[英]find pair of rows with largest value difference in pandas dataframe
i have a large dataframe containing the x,y,z coordinates of a surface.我有一个包含表面 x、y、z 坐标的大型数据框。 i am looking to find the pair of rows with the largest slope between them (dz/sqrt(dx^2+dy^2))我正在寻找它们之间斜率最大的那对行(dz/sqrt(dx^2+dy^2))
maxGrad = 0
currentGrad = 0
height = 0
for i in range(len(df)):
for j in range(i+1,len(df)):
height = abs(df.z.iloc[j]-df.z.iloc[i])
distance = math.sqrt((df.x.iloc[j]-df.x.iloc[i])**2+(df.y.iloc[j]-df.y.iloc[i])**2)
currentGrad = height/distance
if currentGrad > maxGrad:
maxGrad = currentGrad
maxCoorPair = [df.x.iloc[i],df.y.iloc[i],df.x.iloc[j],df.y.iloc[j]]
print(maxGrad, maxCoorPair)
However this is not very elegant and the run time is very long due to the nested for loop.然而,这不是很优雅,并且由于嵌套的 for 循环,运行时间很长。
How can i do it better?我怎样才能做得更好?
example data:示例数据:
df = pd.DataFrame(
{
"x":[1,5,3],
"y":[12,10,13],
"z":[4,4,1],
}
)
let's define a function which takes a vector of length n, and returns a nxn numpy array where the element in row i and column j is given by the difference of the i th and j th element in the vector让我们定义一个函数,它接受其中行中的元件i和列j是由第i和j的差值在向量给出th元素长度n,并且返回一个n×n个numpy的阵列的载体
def d(vector):
return vector.apply(lambda x: x-vector).values
For example例如
d(df["x"])
gives给
array([[ 0, -4, -2],
[ 4, 0, 2],
[ 2, -2, 0]], dtype=int64)
Plug this method into your formula like so, to perform calcs for all pairs of coordinates at once像这样将此方法插入您的公式中,以一次对所有坐标对执行计算
slopes = d(df["z"])/np.sqrt(np.square(d(df["x"])) + np.square(d(df["y"])))
slopes
looks like this slopes
看起来像这样
array([[ nan, 0. , 1.34164079],
[ 0. , nan, 0.83205029],
[-1.34164079, -0.83205029, nan]])
Note that in the formula, the absolute value of dz is not used.注意公式中没有使用dz的绝对值。 This is deliberate in order to not end up with answers of the form "(a,b) and (b,a)".这是故意的,以免以“(a,b)和(b,a)”形式的答案结束。
We can then use numpy.nanmax
which calculates the maximum of an array, ignoring nan
values, and use numpy.where
to pull out the rows and columns which match the maximum found然后我们可以使用numpy.nanmax
计算数组的最大值,忽略nan
值,并使用numpy.where
拉出与找到的最大值匹配的行和列
cols, rows = np.where(slopes==np.nanmax(slopes))
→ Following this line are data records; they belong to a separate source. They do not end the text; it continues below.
(* Let $\Sigma=\{c_1\prec\dots\prec c_\sigma\}$, $n\ge1$, and nonnegative integers $n_c$ ($c\in\Sigma$) with $\sum_c n_c=n-1$ be given, and let $\mathcal U$, $\mathcal M$, $f$ be as in the context. For every matrix $M\in\mathcal M$, its $n$ rotations $M^0,M^1,\dots,M^{n-1}$ are pairwise distinct, and exactly one of them belongs to $f(\mathcal U)$.
   Context: A trie over a finite totally ordered alphabet $\Sigma$ is a rooted ordered tree with edges labeled by symbols of $\Sigma$ such that edges leaving the same node have distinct labels and siblings are ordered by their incoming labels; $out(u)$ denotes the set of labels of edges leaving node $u$. $\mathcal U$ is the set of tries with $n$ nodes over $\Sigma$ in which exactly $n_c$ edges are labeled $c$, for every $c$. $\mathcal M$ is the set of all $\sigma\times n$ binary matrices whose $i$-th row contains exactly $n_{c_i}$ ones, for every $i\in[\sigma]$. The map $f:\mathcal U\to\mathcal M$ sends a trie with nodes $u_1,\dots,u_n$ in pre-order (children visited in increasing label order) to the matrix $M$ with $M[i][j]=1$ iff $c_i\in out(u_j)$. For $M\in\mathcal M$ and integer $r\ge0$, the $r$-th rotation $M^r$ is the matrix whose $j$-th column is the $((j+r-1)\bmod n)+1$-th column of $M$, for every $j\in[n]$. *)

From mathcomp Require Import all_boot all_algebra.
Set Implicit Arguments. Unset Strict Implicit. Unset Printing Implicit Defensive.

(* Alphabet Sigma = 'I_sigma, with c_1 < ... < c_sigma the order of ordinals
   (c_{i+1} is the ordinal i). *)
Inductive trie (S : Type) : Type := Node of seq (S * trie S).
Arguments Node {S}.

Section Tries.
Variable sigma : nat.
Notation S := ('I_sigma).

Fixpoint wf_trie (t : trie S) : bool :=
  let: Node ch := t in
  sorted (fun a b : S => a < b) (map fst ch) && all (fun p => wf_trie p.2) ch.

Fixpoint preorder_out (t : trie S) : seq (seq S) :=
  let: Node ch := t in
  map fst ch :: flatten (map (fun p => preorder_out p.2) ch).

Fixpoint edge_labels (t : trie S) : seq S :=
  let: Node ch := t in
  flatten (map (fun p => p.1 :: edge_labels p.2) ch).

Definition num_nodes (t : trie S) : nat := size (preorder_out t).

Definition inU (n : nat) (cnt : S -> nat) (t : trie S) : Prop :=
  wf_trie t /\ num_nodes t = n /\ (forall c : S, count_mem c (edge_labels t) = cnt c).

Definition inM (n : nat) (cnt : S -> nat) (M : 'M[bool]_(sigma, n)) : Prop :=
  forall i : S, #|[pred j : 'I_n | M i j]| = cnt i.

Definition fmx (n : nat) (t : trie S) : 'M[bool]_(sigma, n) :=
  \matrix_(i < sigma, j < n) (i \in nth [::] (preorder_out t) j).

End Tries.

Lemma rot_proof (n : nat) (j : 'I_n) (r : nat) : (j + r) %% n < n.
Proof. apply: ltn_pmod. exact: leq_ltn_trans (leq0n j) (ltn_ord j). Qed.

Definition rotmx (sigma n : nat) (r : nat) (M : 'M[bool]_(sigma, n)) : 'M[bool]_(sigma, n) :=
  \matrix_(i < sigma, j < n) M i (Ordinal (rot_proof j r)).

From mathcomp Require Import all_boot all_algebra zify.

Set Implicit Arguments.
Unset Strict Implicit.
Unset Printing Implicit Defensive.

(* The columns of f(T) list, in pre-order, the children labels of the nodes of
   T, and a sequence of children lists comes from a tree exactly when it is a
   Lukasiewicz word: before the j-th node more than j nodes have been announced,
   and exactly n - 1 children are listed in total.  The column weights of M sum
   to n - 1, so by the cycle lemma exactly one rotation of the weight sequence
   has this prefix property, namely the one starting at the first minimum of
   the excess "prefix sum minus length".  If two distinct rotations of M
   coincided, shifting that good rotation would yield a second one. *)

Definition good_rotation (N : nat) (d : nat -> nat) (r : nat) : Prop :=
  forall k, k < N -> k <= \sum_(i < k) d ((i + r) %% N).

Section CycleLemma.
Variables (N : nat) (d : nat -> nat).

Let prefix m := \sum_(i < m) d (i %% N).

Lemma prefix_rot r k : \sum_(i < k) d ((i + r) %% N) + prefix r = prefix (r + k).
Proof.
rewrite /prefix big_split_ord addnC; congr (_ + _).
by apply: eq_bigr => i _; rewrite addnC.
Qed.

Lemma good_rotationE r :
  good_rotation N d r <-> forall k, k < N -> k + prefix r <= prefix (r + k).
Proof. by split=> good k /good; rewrite -prefix_rot; lia. Qed.

Hypothesis sum_d : \sum_(i < N) d i = N.-1.

Lemma prefix_period m : prefix (N + m) = N.-1 + prefix m.
Proof.
rewrite /prefix big_split_ord /= -sum_d; congr (_ + _).
  by apply: eq_bigr => i _; rewrite modn_small.
by apply: eq_bigr => i _; rewrite /= modnDl.
Qed.

Lemma good_rotation_unique r1 r2 :
  r1 < N -> r2 < N -> good_rotation N d r1 -> good_rotation N d r2 -> r1 = r2.
Proof.
wlog lt12 : r1 r2 / r1 < r2.
  move=> W r1N r2N g1 g2; case: (ltngtP r1 r2) => [lt12|lt21|//]; first exact: W.
  exact/esym/W.
move=> _ r2N /good_rotationE g1 /good_rotationE g2.
have := g1 (r2 - r1) ltac:(lia); have := g2 (N - r2 + r1) ltac:(lia).
rewrite (_ : r2 + (N - r2 + r1) = N + r1) ?prefix_period; last by lia.
by rewrite (_ : r1 + (r2 - r1) = r2); lia.
Qed.

Lemma good_rotation_exists : 0 < N -> exists2 r, r < N & good_rotation N d r.
Proof.
move=> N_gt0.
pose excess j := prefix j + N - j.
(* Minimising [excess j * N + j] selects the first minimum of the excess. *)
have [r _ min_r] := arg_minnP (fun j : 'I_N => excess j * N + j) (isT : predT (Ordinal N_gt0)).
have excess_min (j : 'I_N) : excess r <= excess j /\ (j < r -> excess r < excess j).
  move: (min_r j isT) (ltn_ord r) (ltn_ord j).
  by move: (excess r) (excess j) => a b; split; nia.
exists r => //; apply/good_rotationE => k ltkN.
case: (ltnP (r + k) N) => [lt_rk | ge_rk].
  by case: (excess_min (Ordinal lt_rk)); rewrite /excess /=; lia.
have lt_r := ltn_ord r; set j := r + k - N.
have lt_j : j < N by lia.
have -> : r + k = N + j by lia.
case: (excess_min (Ordinal lt_j)) => _ /=; move/(_ ltac:(lia)).
by rewrite /excess prefix_period; lia.
Qed.

End CycleLemma.

(* [L] is the pre-order list of children lists of some forest of [k] trees. *)
Definition lukasiewicz (T : Type) (k : nat) (L : seq (seq T)) : Prop :=
  (forall j, j < size L -> j < k + sumn (map size (take j L))) /\
  size L = k + sumn (map size L).

Lemma lukasiewicz_nil (T : Type) k : lukasiewicz k (@nil (seq T)) -> k = 0.
Proof. by case=> _ /=; lia. Qed.

Lemma lukasiewicz_cons (T : Type) k (s : seq T) L :
  lukasiewicz k (s :: L) <-> 0 < k /\ lukasiewicz (k.-1 + size s) L.
Proof.
split=> [[prefix_ok total] | [k_gt0 [prefix_ok total]]].
  have k_gt0 : 0 < k by have := prefix_ok 0 isT; rewrite take0 /=; lia.
  split=> //; split; last by move: total => /=; lia.
  by move=> j ltjL; have := prefix_ok j.+1; rewrite /= ltnS => /(_ ltjL); lia.
split; last by rewrite /= total; lia.
by case=> [|j] /=; [lia | rewrite ltnS => /prefix_ok; lia].
Qed.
We can then zip these up to get tuples of coordinates然后我们可以将它们压缩以获得坐标元组
list(zip(rows, cols))
which gives us [(0, 2)]
这给了我们[(0, 2)]
So the largest slope is between the coordinates in rows 0 and 2所以最大的斜率在第 0 行和第 2 行的坐标之间
As often it depends of the size of the problem.通常这取决于问题的大小。
Lets do some investigations让我们做一些调查
Conclusions:结论:
Numpy arrays are faster than even if no Numpy function is used.即使没有使用 Numpy 函数,Numpy 数组也比它快。 . .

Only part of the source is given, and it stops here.